One of the biggest challenges at the start was simply trying to explain what we were doing. As I often say, the work can feel a little bit up in the clouds.

‍Early on, when we were trying to explain the Inclusion Collaborative to people, I said, "The byline for the Inclusion Collaborative is just as simple as: be kind, and get stuff done.

And that has absolutely stuck.

It's not rocket science. It's really about being kind to people and recognising that you don't know what's going on for them.

‍But trying to articulate that in a system built around plans, budgets, accountabilities and measurable outcomes can be surprisingly difficult. Trying to say, "Hey, I had this idea that we should all be nice to people," and then make that sound convincing has been a challenge.

The other lesson was much more practical.

When we first launched the seeding grants, they weren't aligned with the financial year. Some projects spent their funding straight away, but others were still in the planning phase when the end of the financial year arrived and the money disappeared.

That was awful. It felt like such a disappointment for those project teams and a steep learning curve for us. We now align the grants with financial cycles so recipients have a full 12 months to deliver their projects.

What other challenges have you had along the way?

Time is always a barrier.

COVID had a huge impact on the health system. Staff were exhausted, burnt out and carrying enormous workloads. To then come along with another initiative, no matter how worthwhile, was difficult.

We had to be very careful not to create another demand on people who were already stretched.

The other challenge was that many people didn't see themselves as part of the problem.

When you're asking someone to invest time and energy into stigma reduction, but they don't believe they stigmatise anyone, that can be a difficult conversation.

Healthcare is also driven by budgets, KPIs and competing priorities. Convincing people that this work matters when it isn't explicitly written into their performance measures can be challenging.

If you had five minutes with a hospital CEO or policymaker, how would you convince them this matters?

I'd tell stories.

I think the more you can personalise it, the better. If somebody you love was transgender, or living with a health condition, or experiencing stigma in some other way, how would you want them to be treated?

It's always worth having a few good examples in your pocket.

One that has always stayed with me involved a trans man who was admitted to a men's ward. During a consultation, a clinician began asking questions about menstruation and childbirth history while other patients sat only a few metres away behind curtains.

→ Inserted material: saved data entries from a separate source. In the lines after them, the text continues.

(* Let $\lambda\in\mathbb{C}$ with $\lambda^6\neq0,1$ and let $w\in R=\mathbb{C}[x_0,\dots,x_{11},u_1,u_2]$ be \[w=u_1(x_0^3x_6^3+x_1^3x_7^3+x_2^3x_8^3-3\lambda x_3x_4x_5x_6x_7x_8)+u_2(x_3^3x_9^3+x_4^3x_{10}^3+x_5^3x_{11}^3-3\lambda x_0x_1x_2x_9x_{10}x_{11}).\] Let $\mathcal{T}$ be any triangulation of the point configuration $\mathfrak{C}=\{P_0,\dots,P_{11},S_1,S_2\}$ satisfying: (1) $\mathcal{T}$ contains the six simplices with vertex sets $\{P_i:i\in I\}\cup\{S_1,S_2\}$, $I\subseteq\{0,\dots,5\}$, $|I|=5$ (the set $\mathcal{T}_0$); (2) every simplex in $\mathcal{T}\setminus\mathcal{T}_0$ satisfies (A) or (B), where (A): none of $S_1,P_6,P_7,P_8$ is a vertex and for some $j\in\{3,4,5\}$ neither $P_j$ nor $P_{6+j}$ is a vertex; (B): none of $S_2,P_9,P_{10},P_{11}$ is a vertex and for some $j\in\{0,1,2\}$ neither $P_j$ nor $P_{6+j}$ is a vertex. Define \[\mathcal{I}=\Big\langle\prod_{i\notin I}x_i\prod_{j\notin J}u_j : \{P_i\}_{i\in I}\cup\{S_j\}_{j\in J}\text{ is the vertex set of a simplex of }\mathcal{T}\Big\rangle,\] \[\mathcal{J}=\Big\langle\prod_{i\notin I}x_i : \{P_i\}_{i\in I}\cup\{S_1,S_2\}\text{ is the vertex set of a simplex of }\mathcal{T}\Big\rangle.\] Then $\mathcal{I}\subseteq\sqrt{\langle\partial w\rangle+\mathcal{J}}$, where $\langle\partial w\rangle$ is the ideal generated by all partial derivatives of $w$.
   Context: $P_0=(3,0,0,-1,-1,0,1)$, $P_1=(0,3,0,-1,-1,0,1)$, $P_2=(0,0,3,-1,-1,0,1)$, $P_3=(-1,-1,-1,3,0,1,0)$, $P_4=(-1,-1,-1,0,3,1,0)$, $P_5=(-1,-1,-1,0,0,1,0)$, $P_6=(2,-1,-1,0,0,1,0)$, $P_7=(-1,2,-1,0,0,1,0)$, $P_8=(-1,-1,2,0,0,1,0)$, $P_9=(0,0,0,2,-1,0,1)$, $P_{10}=(0,0,0,-1,2,0,1)$, $P_{11}=(0,0,0,-1,-1,0,1)$, $S_1=(0,0,0,0,0,1,0)$, $S_2=(0,0,0,0,0,0,1)$ in $\mathbb{R}^7$. The variable $x_i$ corresponds to $P_i$ and $u_j$ to $S_j$. *)

From HB Require Import structures.
From mathcomp Require Import all_boot all_order all_algebra.
From mathcomp Require Import Rstruct.
From mathcomp Require Import complex.
From mathcomp Require Import mpoly.
From Stdlib Require Rdefinitions.

Set Implicit Arguments.
Unset Strict Implicit.
Unset Printing Implicit Defensive.

Import GRing.Theory Num.Theory.
Local Open Scope ring_scope.

Notation RR := Rdefinitions.R.
Definition CC : fieldType := complex RR.

(* Index convention on 'I_14:
     i < 12  <->  P_i ,   12 <-> S_1 ,   13 <-> S_2.
   The same index convention is used for the variables of the polynomial
   ring: 'X_i = x_i for i < 12, 'X_12 = u_1, 'X_13 = u_2. *)

Definition pt_table : seq (seq int) :=
  [:: [:: 3; 0; 0; -1; -1; 0; 1];
      [:: 0; 3; 0; -1; -1; 0; 1];
      [:: 0; 0; 3; -1; -1; 0; 1];
      [:: -1; -1; -1; 3; 0; 1; 0];
      [:: -1; -1; -1; 0; 3; 1; 0];
      [:: -1; -1; -1; 0; 0; 1; 0];
      [:: 2; -1; -1; 0; 0; 1; 0];
      [:: -1; 2; -1; 0; 0; 1; 0];
      [:: -1; -1; 2; 0; 0; 1; 0];
      [:: 0; 0; 0; 2; -1; 0; 1];
      [:: 0; 0; 0; -1; 2; 0; 1];
      [:: 0; 0; 0; -1; -1; 0; 1];
      [:: 0; 0; 0; 0; 0; 1; 0];
      [:: 0; 0; 0; 0; 0; 0; 1]].

Definition pt (i : 'I_14) : 'rV[RR]_7 :=
  \row_(j < 7) ((nth 0 (nth [::] pt_table i) j)%:~R).

Definition in_conv (s : {set 'I_14}) (x : 'rV[RR]_7) : Prop :=
  exists t : 'I_14 -> RR,
    [/\ forall i, 0 <= t i, forall i, i \notin s -> t i = 0,
        \sum_i t i = 1 & x = \sum_i t i *: pt i].

Definition in_aff (s : {set 'I_14}) (x : 'rV[RR]_7) : Prop :=
  exists t : 'I_14 -> RR,
    [/\ forall i, i \notin s -> t i = 0,
        \sum_i t i = 1 & x = \sum_i t i *: pt i].

Definition aff_indep (s : {set 'I_14}) : Prop :=
  forall t : 'I_14 -> RR,
    (forall i, i \notin s -> t i = 0) ->
    \sum_i t i = 0 -> \sum_i t i *: pt i = 0 ->
    forall i, t i = 0.

(* A triangulation of the configuration {pt i}, given as the set of
   vertex sets of its maximal simplices: full-dimensional simplices
   (affinely independent, spanning the affine hull of the configuration)
   whose convex hulls cover the convex hull of the configuration and
   intersect properly (in a common face). *)
Definition triangulation (T : {set {set 'I_14}}) : Prop :=
  [/\ forall s, s \in T -> aff_indep s /\ (forall j, in_aff s (pt j)),
      forall x, in_conv setT x -> exists2 s, s \in T & in_conv s x
    & forall s s' x, s \in T -> s' \in T ->
        in_conv s x -> in_conv s' x -> in_conv (s :&: s') x].

Definition T0 : {set {set 'I_14}} :=
  [set [set i : 'I_14 | ((i < 6)%N && (i != k :> nat)) || (12 <= i)%N]
     | k : 'I_6].

Definition condA (s : {set 'I_14}) : Prop :=
  (forall i : 'I_14, i \in s -> (val i \notin [:: 12; 6; 7; 8])%N) /\
  exists2 j : nat, (j \in [:: 3; 4; 5])%N &
     (forall i : 'I_14, i \in s -> (val i != j) && (val i != j + 6))%N.

Definition condB (s : {set 'I_14}) : Prop :=
  (forall i : 'I_14, i \in s -> (val i \notin [:: 13; 9; 10; 11])%N) /\
  exists2 j : nat, (j \in [:: 0; 1; 2])%N &
     (forall i : 'I_14, i \in s -> (val i != j) && (val i != j + 6))%N.

Notation Rpoly := {mpoly CC[14]}.

Definition X (i : nat) : Rpoly := 'X_(inord i).

Definition w (lam : CC) : Rpoly :=
  X 12 * (X 0 ^+ 3 * X 6 ^+ 3 + X 1 ^+ 3 * X 7 ^+ 3 + X 2 ^+ 3 * X 8 ^+ 3
           - (3 * lam)%:MP * X 3 * X 4 * X 5 * X 6 * X 7 * X 8)
  + X 13 * (X 3 ^+ 3 * X 9 ^+ 3 + X 4 ^+ 3 * X 10 ^+ 3 + X 5 ^+ 3 * X 11 ^+ 3
           - (3 * lam)%:MP * X 0 * X 1 * X 2 * X 9 * X 10 * X 11).

Definition in_ideal (G : Rpoly -> Prop) (p : Rpoly) : Prop :=
  exists (n : nat) (r g : 'I_n -> Rpoly),
    (forall k, G (g k)) /\ p = \sum_(k < n) r k * g k.

Definition in_radical (G : Rpoly -> Prop) (p : Rpoly) : Prop :=
  exists m : nat, in_ideal G (p ^+ m).

Definition genI (T : {set {set 'I_14}}) (p : Rpoly) : Prop :=
  exists2 s, s \in T & p = \prod_(i : 'I_14 | i \notin s) 'X_i.

Definition genJ (T : {set {set 'I_14}}) (p : Rpoly) : Prop :=
  exists2 s, s \in T /\ (inord 12 \in s /\ inord 13 \in s) &
    p = \prod_(i : 'I_14 | ((i < 12)%N && (i \notin s))) 'X_i.

Definition genDwJ (lam : CC) (T : {set {set 'I_14}}) (p : Rpoly) : Prop :=
  (exists i : 'I_14, p = mderiv i (w lam)) \/ genJ T p.

From HB Require Import structures.
From mathcomp Require Import all_boot all_order all_algebra.
From mathcomp Require Import Rstruct complex mpoly.
From mathcomp Require Import ring zify.
Import GRing.Theory Num.Theory.
Local Open Scope ring_scope.

Set Implicit Arguments.
Unset Strict Implicit.
Unset Printing Implicit Defensive.

(* A generator of I comes from a simplex s of T.  If s contains S_1 and S_2
   it is a generator of J; otherwise s is not in T_0, so it satisfies (A) or
   (B) and the generator is divisible by one of the six monomials
   u_1 x_j x_6 x_7 x_8 x_(j+6) (j = 3,4,5) or u_2 x_j x_9 x_10 x_11 x_(j+6)
   (j = 0,1,2).  These form a single orbit under index permutations preserving
   w and the generators x_j x_6 ... x_11 of J given by T_0, so it suffices to
   put a := u_1 x_3 x_6 x_7 x_8 x_9 in the radical.  Working in the radical of
   the saturation by a, suitable combinations of partial derivatives of w
   (dividing by 3 lam) successively yield x_0, x_4 x_5, u_2, x_5 and x_4, and
   then du_2 w yields 1, i.e. a power of a lies in <dw> + J. *)

Section IdealArithmetic.
Variables (R : comRingType) (Id : R -> Prop).
Hypothesis Id0 : Id 0.
Hypothesis IdD : forall x y, Id x -> Id y -> Id (x + y).
Hypothesis IdM : forall r x, Id x -> Id (r * x).

Lemma IdMr x r : Id x -> Id (x * r).
Proof. by rewrite mulrC; apply: IdM. Qed.

Lemma IdMn x k : Id x -> Id (x *+ k).
Proof. by rewrite -mulr_natl; apply: IdM. Qed.

(* In the binomial expansion of (f + g)^(n + m) every term is divisible
   by f^n or by g^m. *)
Lemma Id_expD f g n m :
  Id (f ^+ n) -> Id (g ^+ m) -> Id ((f + g) ^+ (n + m)).
Proof.
move=> hf hg; rewrite exprDn; apply: (big_ind Id) => // i _; apply: IdMn.
case: (ltnP i m) => him.
- by rewrite -addnBA ?(ltnW him) // exprD -mulrA; apply: IdMr.
- by rewrite -(subnK him) exprD mulrA; apply: IdM.
Qed.

(* f lies in the radical of the saturation of Id with respect to a. *)
Definition in_satrad a f := exists k n, Id (a ^+ k * f ^+ n).

Lemma satradI a f : Id f -> in_satrad a f.
Proof. by exists 0%N, 1%N; rewrite expr0 mul1r expr1. Qed.

Lemma satradM a f g : in_satrad a f -> in_satrad a (g * f).
Proof. by case=> k [n h]; exists k, n; rewrite exprMn mulrCA; apply: IdM. Qed.

Lemma satradP a f : in_satrad a f <-> exists k n, Id ((a ^+ k * f) ^+ n).
Proof.
split=> -[k [n h]].
  exists k, n.+1; rewrite exprMn -exprM mulnS exprD exprS.
  have -> : a ^+ k * a ^+ (k * n) * (f * f ^+ n) = a ^+ (k * n) * f * (a ^+ k * f ^+ n)
    by ring.
  exact: IdM.
by exists (k * n)%N, n; rewrite exprM -exprMn.
Qed.

Lemma satradD a f g : in_satrad a f -> in_satrad a g -> in_satrad a (f + g).
Proof.
move=> /satradP[k1 [n1 h1]] /satradP[k2 [n2 h2]]; apply/satradP.
exists (k1 + k2)%N, (n1 + n2)%N; rewrite mulrDr; apply: Id_expD.
  by rewrite exprD mulrAC exprMn; apply: IdMr.
by rewrite exprD -mulrA exprMn; apply: IdM.
Qed.

Lemma satradB a f g : in_satrad a f -> in_satrad a g -> in_satrad a (f - g).
Proof. by move=> hf hg; apply: satradD => //; rewrite -mulN1r; apply: satradM. Qed.

Lemma satrad_pow a f m : in_satrad a (f ^+ m) -> in_satrad a f.
Proof. by case=> k [n h]; exists k, (m * n)%N; rewrite exprM. Qed.

Lemma satrad_cancel a f g h r : in_satrad a (f * g) -> g * h = a ^+ r -> in_satrad a f.
Proof.
case=> k [n hfg] ghE; exists (k + r * n)%N, n.
have -> : a ^+ (k + r * n) * f ^+ n = h ^+ n * (a ^+ k * (f * g) ^+ n).
  by rewrite exprD exprM -ghE !exprMn; ring.
exact: IdM.
Qed.

Lemma satrad1 a : in_satrad a 1 -> exists k, Id (a ^+ k).
Proof. by case=> k [n h]; exists k; rewrite expr1n mulr1 in h. Qed.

The questions themselves were clinically appropriate but the setting wasn't.

The patient was incredibly generous in the feedback he gave, but it was a powerful reminder that many healthcare workers would never intentionally cause harm. Stories like this help people recognise how easily everyday systems, environments and routines can create experiences of stigma and exclusion.

What change would you like to see happen over the next decade?

I'd love to see stigma reduction embedded into healthcare standards.

Right from the beginning, we had all the passion. We had people who cared, people who were willing to put their hand up and do the work.

‍But we had no sticks. We didn't really have anything to say, "Actually, people need to listen to this."

I think the biggest stick we have in healthcare is the standards.

If stigma reduction and inclusion were built into those standards, health services would have to pay attention. It wouldn't just rely on passionate people pushing for change or trying to convince others that it matters.

To me, that's where the opportunity is.